▶ _SUPPLIED MATERIAL_
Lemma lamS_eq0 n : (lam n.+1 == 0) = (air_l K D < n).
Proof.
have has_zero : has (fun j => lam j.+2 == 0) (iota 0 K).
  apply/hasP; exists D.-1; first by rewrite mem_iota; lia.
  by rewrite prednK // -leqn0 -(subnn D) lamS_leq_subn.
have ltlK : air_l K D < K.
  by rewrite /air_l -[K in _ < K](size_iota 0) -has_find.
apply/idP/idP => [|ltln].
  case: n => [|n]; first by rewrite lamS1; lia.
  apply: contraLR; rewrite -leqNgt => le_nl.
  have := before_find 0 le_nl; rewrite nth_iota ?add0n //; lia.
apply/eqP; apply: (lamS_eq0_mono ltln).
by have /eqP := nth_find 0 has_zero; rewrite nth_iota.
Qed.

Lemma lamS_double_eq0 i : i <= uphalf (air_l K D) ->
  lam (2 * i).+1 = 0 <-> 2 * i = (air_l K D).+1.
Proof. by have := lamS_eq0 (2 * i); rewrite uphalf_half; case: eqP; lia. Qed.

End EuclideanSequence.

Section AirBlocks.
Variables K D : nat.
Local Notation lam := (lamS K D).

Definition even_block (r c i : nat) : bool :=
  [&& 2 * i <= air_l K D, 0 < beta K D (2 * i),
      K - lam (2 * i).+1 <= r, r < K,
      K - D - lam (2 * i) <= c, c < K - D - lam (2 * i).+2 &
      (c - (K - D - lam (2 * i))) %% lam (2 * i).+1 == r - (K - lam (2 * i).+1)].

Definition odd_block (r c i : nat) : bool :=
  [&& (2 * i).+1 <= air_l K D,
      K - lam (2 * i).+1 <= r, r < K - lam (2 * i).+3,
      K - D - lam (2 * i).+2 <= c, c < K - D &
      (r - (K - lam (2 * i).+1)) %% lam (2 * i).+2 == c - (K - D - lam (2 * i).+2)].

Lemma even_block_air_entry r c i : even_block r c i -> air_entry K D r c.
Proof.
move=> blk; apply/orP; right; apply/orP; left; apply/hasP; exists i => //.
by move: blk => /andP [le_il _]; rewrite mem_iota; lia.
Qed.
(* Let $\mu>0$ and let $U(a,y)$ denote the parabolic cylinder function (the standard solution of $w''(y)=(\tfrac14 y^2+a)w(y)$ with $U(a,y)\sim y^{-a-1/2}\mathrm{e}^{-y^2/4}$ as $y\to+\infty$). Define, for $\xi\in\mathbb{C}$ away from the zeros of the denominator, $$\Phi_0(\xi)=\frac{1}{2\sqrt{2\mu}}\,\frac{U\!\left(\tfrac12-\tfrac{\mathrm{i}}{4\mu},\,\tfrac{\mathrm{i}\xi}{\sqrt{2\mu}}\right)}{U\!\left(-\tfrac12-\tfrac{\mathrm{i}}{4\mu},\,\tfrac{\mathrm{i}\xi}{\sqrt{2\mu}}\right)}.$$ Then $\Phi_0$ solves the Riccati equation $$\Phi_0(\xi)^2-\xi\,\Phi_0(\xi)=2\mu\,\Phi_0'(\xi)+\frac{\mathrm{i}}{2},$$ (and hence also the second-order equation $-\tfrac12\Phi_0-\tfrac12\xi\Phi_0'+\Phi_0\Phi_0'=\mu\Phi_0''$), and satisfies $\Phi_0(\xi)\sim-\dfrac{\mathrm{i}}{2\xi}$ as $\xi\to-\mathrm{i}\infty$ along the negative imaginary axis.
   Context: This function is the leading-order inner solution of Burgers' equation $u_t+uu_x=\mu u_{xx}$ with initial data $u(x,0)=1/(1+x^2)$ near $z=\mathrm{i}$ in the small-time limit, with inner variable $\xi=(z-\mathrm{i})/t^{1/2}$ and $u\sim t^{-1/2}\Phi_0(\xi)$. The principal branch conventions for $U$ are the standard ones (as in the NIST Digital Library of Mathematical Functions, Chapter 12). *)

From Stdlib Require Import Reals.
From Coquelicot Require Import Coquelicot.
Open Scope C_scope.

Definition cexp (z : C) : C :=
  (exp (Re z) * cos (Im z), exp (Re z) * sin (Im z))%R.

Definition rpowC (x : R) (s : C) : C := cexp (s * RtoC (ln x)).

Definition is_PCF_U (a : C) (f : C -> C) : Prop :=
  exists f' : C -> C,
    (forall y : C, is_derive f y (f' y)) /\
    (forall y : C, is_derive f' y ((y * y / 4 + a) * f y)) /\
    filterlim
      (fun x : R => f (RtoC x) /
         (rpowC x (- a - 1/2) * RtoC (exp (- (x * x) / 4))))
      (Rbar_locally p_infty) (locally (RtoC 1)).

---

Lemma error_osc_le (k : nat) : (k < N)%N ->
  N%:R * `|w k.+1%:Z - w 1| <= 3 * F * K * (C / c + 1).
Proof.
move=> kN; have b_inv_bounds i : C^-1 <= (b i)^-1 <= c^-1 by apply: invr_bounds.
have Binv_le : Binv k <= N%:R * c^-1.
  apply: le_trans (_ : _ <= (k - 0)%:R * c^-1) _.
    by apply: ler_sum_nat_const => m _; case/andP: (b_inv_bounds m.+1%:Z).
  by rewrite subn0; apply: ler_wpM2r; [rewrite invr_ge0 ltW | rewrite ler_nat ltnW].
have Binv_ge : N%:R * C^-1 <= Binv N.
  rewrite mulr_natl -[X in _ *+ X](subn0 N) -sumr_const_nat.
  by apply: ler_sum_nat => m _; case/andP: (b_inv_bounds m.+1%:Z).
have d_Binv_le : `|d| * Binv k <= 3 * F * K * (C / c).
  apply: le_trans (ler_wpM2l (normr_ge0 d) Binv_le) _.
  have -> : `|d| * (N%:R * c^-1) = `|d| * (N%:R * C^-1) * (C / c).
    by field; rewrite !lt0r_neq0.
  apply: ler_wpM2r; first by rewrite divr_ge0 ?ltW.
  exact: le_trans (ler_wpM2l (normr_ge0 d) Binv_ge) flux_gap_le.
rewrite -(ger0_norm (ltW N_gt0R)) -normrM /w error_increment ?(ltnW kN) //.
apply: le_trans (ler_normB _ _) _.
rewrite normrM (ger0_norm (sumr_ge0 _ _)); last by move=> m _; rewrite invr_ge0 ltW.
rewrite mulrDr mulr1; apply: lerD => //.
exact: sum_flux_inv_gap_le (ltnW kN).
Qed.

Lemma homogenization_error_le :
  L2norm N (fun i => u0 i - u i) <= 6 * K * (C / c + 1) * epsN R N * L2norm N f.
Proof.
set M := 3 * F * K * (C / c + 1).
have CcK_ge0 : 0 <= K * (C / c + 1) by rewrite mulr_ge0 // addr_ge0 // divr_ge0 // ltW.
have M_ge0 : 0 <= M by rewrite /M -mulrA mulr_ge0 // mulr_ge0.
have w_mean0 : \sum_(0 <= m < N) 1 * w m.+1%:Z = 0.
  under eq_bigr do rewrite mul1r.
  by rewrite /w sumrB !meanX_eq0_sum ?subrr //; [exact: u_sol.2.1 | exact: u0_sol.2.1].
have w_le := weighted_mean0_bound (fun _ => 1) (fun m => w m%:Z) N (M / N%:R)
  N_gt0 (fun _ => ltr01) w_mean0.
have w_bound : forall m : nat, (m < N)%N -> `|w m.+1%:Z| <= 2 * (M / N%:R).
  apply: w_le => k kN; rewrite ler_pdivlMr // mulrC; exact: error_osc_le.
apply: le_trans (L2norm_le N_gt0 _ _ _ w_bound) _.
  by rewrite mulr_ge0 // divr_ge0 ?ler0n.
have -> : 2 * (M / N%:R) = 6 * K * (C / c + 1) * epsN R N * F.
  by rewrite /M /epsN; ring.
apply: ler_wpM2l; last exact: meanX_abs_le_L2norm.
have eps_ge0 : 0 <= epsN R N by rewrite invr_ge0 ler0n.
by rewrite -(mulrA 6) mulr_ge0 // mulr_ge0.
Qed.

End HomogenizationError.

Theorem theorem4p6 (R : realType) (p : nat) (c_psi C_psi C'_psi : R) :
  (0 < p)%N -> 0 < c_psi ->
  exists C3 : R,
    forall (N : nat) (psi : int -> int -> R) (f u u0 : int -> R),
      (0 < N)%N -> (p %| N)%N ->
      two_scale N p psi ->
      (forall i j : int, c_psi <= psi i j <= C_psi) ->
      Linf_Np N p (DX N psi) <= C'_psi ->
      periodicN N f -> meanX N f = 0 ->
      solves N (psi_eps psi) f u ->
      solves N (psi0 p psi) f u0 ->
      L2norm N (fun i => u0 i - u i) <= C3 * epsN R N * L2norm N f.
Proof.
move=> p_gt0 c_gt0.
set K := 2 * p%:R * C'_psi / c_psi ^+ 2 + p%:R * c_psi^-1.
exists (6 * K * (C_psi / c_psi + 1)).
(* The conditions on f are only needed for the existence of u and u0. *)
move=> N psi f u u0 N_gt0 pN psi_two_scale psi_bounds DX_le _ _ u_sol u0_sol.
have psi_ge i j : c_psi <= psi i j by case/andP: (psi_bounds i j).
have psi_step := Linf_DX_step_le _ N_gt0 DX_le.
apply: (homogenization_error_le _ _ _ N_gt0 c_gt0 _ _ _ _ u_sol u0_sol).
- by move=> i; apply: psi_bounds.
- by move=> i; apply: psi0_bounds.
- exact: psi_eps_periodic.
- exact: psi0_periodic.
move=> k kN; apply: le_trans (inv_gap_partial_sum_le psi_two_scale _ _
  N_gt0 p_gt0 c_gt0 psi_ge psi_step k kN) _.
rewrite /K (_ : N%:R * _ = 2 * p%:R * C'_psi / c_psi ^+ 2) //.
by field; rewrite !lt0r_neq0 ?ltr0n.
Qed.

==

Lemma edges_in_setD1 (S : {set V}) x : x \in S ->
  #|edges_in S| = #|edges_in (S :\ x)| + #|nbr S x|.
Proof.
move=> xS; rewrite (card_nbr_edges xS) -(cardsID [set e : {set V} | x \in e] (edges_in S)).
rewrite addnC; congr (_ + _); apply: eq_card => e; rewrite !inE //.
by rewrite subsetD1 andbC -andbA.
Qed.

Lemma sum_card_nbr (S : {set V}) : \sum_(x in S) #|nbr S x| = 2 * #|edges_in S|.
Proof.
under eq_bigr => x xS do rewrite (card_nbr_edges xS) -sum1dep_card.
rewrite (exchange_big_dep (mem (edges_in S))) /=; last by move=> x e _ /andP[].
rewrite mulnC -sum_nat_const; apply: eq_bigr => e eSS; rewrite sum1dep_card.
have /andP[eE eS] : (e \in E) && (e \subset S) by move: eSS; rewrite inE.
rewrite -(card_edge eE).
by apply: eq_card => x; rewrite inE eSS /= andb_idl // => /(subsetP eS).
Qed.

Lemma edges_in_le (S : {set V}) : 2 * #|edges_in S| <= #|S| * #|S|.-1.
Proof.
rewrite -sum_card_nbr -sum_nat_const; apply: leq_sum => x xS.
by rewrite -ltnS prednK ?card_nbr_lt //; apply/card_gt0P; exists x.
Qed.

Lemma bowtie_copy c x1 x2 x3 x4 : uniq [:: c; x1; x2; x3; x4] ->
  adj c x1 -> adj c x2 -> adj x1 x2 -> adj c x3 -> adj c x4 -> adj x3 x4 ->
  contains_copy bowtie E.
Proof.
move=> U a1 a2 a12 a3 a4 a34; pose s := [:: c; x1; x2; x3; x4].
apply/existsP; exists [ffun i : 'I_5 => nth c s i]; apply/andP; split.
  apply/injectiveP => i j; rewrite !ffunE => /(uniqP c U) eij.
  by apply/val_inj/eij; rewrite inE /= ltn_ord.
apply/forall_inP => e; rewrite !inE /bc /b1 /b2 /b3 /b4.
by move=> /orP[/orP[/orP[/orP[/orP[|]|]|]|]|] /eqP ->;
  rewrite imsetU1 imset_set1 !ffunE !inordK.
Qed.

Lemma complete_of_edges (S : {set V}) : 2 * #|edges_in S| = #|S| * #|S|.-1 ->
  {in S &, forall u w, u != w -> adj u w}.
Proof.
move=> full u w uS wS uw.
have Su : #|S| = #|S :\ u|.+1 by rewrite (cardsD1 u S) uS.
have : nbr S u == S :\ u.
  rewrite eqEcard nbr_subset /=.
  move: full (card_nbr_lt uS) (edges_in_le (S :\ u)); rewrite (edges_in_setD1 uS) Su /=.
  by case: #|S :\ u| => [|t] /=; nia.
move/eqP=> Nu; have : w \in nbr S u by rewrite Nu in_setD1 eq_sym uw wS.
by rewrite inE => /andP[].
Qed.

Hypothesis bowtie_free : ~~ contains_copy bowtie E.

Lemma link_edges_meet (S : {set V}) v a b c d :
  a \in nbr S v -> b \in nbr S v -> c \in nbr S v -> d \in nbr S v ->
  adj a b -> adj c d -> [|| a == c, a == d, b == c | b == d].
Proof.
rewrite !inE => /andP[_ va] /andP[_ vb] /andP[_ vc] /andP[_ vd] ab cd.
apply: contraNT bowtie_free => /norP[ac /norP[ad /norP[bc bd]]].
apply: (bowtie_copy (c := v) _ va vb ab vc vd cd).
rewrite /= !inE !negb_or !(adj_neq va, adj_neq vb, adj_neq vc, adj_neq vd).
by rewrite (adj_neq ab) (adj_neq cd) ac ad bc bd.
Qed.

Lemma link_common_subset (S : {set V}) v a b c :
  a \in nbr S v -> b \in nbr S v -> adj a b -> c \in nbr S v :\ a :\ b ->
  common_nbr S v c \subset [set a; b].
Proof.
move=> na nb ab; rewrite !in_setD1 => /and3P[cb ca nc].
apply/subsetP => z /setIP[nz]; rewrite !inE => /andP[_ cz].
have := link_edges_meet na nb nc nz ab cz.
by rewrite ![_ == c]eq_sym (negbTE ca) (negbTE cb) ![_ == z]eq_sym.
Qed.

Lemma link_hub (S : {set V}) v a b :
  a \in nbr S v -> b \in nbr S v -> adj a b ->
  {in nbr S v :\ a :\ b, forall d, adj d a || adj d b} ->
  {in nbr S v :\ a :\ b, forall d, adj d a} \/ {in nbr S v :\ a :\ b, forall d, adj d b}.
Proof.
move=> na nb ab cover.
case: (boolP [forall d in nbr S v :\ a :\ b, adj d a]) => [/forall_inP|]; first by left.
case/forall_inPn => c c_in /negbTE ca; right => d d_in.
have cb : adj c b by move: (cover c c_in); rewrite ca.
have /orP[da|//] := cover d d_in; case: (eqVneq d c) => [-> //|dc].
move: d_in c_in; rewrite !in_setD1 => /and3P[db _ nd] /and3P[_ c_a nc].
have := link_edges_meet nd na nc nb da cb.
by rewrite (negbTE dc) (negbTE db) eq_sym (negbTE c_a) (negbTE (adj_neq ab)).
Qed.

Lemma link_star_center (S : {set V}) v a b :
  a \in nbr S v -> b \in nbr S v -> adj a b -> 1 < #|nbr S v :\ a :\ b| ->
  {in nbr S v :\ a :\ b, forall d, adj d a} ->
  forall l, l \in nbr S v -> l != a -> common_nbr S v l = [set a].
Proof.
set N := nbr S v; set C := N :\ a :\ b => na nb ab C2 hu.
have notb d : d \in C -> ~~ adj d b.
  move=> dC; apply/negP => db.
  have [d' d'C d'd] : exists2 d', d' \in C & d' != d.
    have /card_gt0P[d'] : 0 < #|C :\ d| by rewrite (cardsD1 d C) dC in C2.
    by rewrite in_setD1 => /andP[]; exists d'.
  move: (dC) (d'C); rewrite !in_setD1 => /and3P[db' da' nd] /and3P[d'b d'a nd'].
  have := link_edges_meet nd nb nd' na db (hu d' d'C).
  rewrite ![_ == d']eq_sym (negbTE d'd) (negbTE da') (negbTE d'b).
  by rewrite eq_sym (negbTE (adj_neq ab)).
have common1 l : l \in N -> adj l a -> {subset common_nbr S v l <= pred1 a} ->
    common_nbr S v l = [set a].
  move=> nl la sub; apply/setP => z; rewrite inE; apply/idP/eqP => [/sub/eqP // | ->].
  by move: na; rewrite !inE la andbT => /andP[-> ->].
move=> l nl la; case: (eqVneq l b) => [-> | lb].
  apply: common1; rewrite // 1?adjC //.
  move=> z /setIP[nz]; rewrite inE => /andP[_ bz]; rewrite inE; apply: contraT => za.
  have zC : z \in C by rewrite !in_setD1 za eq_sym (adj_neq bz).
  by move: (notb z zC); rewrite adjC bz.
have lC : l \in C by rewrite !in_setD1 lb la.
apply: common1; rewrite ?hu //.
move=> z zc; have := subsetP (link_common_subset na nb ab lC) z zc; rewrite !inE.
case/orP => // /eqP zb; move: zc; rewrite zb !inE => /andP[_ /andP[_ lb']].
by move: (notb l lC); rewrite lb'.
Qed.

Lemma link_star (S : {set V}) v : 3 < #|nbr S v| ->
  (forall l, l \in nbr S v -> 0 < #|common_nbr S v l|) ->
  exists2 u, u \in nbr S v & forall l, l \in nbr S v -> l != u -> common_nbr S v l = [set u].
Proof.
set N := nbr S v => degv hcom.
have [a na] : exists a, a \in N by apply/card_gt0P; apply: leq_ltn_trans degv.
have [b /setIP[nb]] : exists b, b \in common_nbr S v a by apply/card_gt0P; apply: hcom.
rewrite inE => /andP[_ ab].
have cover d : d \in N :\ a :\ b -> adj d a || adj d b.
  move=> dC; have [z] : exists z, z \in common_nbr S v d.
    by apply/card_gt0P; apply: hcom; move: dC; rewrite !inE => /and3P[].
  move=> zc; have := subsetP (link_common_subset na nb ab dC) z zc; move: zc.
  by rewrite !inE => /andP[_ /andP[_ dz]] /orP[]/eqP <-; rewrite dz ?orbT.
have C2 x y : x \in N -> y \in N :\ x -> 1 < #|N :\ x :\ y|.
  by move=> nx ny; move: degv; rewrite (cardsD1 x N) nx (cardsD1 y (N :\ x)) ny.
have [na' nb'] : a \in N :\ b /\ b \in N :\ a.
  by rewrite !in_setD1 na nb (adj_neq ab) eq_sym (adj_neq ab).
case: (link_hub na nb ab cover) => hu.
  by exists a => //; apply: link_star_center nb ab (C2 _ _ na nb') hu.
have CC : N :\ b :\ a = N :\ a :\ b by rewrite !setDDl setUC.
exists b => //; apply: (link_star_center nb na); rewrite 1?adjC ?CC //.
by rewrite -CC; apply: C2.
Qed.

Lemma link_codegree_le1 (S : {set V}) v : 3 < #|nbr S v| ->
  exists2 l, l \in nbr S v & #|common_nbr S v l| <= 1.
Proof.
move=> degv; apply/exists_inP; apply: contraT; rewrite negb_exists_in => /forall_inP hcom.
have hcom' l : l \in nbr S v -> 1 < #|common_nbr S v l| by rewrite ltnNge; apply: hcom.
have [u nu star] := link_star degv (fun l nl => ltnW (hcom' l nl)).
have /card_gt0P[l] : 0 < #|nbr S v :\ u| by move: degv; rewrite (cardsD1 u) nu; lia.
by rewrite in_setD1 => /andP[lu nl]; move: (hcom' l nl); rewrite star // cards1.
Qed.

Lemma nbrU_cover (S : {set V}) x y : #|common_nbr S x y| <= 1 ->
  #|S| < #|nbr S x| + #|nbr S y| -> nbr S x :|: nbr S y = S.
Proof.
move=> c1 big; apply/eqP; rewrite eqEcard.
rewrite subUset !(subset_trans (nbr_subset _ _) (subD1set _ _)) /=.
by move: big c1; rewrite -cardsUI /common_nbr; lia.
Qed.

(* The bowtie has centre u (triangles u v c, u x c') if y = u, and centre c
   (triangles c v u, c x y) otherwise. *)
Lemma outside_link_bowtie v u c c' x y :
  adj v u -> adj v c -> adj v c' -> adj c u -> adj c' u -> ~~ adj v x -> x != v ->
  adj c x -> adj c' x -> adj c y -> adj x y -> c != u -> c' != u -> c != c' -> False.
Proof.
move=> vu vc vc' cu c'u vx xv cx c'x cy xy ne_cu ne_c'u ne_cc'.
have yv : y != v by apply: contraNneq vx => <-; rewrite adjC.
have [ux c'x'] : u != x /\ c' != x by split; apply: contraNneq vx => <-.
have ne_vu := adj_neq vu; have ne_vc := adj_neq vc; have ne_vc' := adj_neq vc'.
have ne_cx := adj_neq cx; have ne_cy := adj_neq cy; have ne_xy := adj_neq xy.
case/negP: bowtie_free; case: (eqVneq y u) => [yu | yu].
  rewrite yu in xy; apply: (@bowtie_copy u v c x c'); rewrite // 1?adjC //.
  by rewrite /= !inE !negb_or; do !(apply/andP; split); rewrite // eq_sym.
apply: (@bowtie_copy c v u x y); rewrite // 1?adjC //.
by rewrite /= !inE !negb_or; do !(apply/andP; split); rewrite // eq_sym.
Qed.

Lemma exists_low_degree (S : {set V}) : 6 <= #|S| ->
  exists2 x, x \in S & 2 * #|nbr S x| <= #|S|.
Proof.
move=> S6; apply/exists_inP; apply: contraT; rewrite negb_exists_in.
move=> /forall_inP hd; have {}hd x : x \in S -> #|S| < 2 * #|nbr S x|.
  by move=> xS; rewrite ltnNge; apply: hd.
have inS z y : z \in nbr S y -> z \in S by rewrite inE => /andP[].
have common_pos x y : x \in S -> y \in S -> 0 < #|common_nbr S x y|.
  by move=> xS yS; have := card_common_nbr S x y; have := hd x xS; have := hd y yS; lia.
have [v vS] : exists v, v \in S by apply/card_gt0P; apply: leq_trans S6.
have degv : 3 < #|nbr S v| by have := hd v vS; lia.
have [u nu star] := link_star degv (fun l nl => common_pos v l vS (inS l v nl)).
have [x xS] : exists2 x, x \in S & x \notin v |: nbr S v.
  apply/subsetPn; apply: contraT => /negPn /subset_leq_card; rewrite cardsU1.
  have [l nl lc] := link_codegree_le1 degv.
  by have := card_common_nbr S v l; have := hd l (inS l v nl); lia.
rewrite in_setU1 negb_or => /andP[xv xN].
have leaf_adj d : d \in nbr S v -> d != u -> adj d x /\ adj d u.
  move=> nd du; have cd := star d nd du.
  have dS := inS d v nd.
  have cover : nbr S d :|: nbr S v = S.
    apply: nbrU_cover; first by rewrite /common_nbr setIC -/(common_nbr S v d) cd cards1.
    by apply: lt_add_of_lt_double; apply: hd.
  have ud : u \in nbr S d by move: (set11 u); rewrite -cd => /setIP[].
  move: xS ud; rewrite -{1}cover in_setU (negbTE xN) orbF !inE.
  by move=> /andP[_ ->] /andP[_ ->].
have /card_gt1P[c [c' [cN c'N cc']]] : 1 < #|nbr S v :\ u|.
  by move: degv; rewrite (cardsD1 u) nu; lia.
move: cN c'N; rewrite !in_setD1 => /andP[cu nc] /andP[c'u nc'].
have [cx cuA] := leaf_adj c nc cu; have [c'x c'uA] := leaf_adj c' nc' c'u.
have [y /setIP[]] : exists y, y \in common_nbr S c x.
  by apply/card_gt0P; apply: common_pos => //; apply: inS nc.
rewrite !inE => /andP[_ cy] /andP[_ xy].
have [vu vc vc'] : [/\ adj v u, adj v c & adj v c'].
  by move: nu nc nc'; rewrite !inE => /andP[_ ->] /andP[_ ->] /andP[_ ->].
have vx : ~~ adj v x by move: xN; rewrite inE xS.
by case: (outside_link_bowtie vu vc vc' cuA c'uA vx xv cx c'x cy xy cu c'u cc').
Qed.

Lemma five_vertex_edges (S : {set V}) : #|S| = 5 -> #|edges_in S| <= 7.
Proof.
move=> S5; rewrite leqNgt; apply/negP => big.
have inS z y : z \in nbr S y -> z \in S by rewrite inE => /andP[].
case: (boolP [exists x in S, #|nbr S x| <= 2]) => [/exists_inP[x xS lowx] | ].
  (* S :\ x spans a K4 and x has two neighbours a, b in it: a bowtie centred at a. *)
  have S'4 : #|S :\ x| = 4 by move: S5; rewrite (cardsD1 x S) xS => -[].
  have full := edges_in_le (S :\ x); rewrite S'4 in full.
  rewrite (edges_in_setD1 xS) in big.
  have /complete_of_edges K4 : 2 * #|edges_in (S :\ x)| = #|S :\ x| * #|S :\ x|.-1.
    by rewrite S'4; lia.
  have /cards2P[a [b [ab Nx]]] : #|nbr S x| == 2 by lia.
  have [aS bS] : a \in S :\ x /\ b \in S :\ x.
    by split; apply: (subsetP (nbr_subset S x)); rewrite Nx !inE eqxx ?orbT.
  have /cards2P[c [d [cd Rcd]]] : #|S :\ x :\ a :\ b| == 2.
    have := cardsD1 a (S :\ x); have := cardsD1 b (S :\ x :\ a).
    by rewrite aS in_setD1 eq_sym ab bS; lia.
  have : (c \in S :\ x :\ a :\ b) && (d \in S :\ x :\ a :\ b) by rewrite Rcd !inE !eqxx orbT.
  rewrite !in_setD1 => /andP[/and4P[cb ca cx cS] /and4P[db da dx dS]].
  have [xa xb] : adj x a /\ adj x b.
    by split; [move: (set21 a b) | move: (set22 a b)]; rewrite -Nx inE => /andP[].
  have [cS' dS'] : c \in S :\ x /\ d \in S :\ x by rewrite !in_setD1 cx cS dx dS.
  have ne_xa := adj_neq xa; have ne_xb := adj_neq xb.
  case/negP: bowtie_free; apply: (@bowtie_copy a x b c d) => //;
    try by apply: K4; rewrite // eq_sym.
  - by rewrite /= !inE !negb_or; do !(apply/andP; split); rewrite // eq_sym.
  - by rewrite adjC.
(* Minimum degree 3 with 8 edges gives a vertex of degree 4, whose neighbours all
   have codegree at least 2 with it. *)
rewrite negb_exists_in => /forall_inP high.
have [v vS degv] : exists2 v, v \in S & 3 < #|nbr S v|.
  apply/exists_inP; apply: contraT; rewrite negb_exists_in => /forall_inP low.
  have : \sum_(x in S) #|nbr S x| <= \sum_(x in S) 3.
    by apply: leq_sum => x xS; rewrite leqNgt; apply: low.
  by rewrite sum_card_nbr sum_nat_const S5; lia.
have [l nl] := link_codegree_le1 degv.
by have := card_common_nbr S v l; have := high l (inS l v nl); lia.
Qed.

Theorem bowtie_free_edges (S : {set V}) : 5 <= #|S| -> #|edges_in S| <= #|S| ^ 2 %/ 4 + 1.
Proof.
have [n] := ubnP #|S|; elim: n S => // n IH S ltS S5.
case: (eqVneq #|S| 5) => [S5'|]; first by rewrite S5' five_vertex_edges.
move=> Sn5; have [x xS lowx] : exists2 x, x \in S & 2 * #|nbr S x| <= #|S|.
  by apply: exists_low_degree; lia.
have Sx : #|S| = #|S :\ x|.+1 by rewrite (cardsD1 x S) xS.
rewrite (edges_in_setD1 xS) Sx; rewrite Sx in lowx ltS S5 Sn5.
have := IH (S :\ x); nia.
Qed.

▶ _WHAT THE TASK ASKS_
Retype, exactly and in full, the lines above from the one containing "move=> vu vc" through the one containing "have ne_cx := adj_neq".

▶ _OUTPUT_
move=> vu vc vc' cu c'u vx xv cx c'x cy xy ne_cu ne_c'u ne_cc'.
have yv : y != v by apply: contraNneq vx => <-; rewrite adjC.
have [ux c'x'] : u != x /\ c' != x by split; apply: contraNneq vx => <-.
have ne_vu := adj_neq vu; have ne_vc := adj_neq vc; have ne_vc' := adj_neq vc'.
have ne_cx := adj_neq cx; have ne_cy := adj_neq cy; have ne_xy := adj_neq xy.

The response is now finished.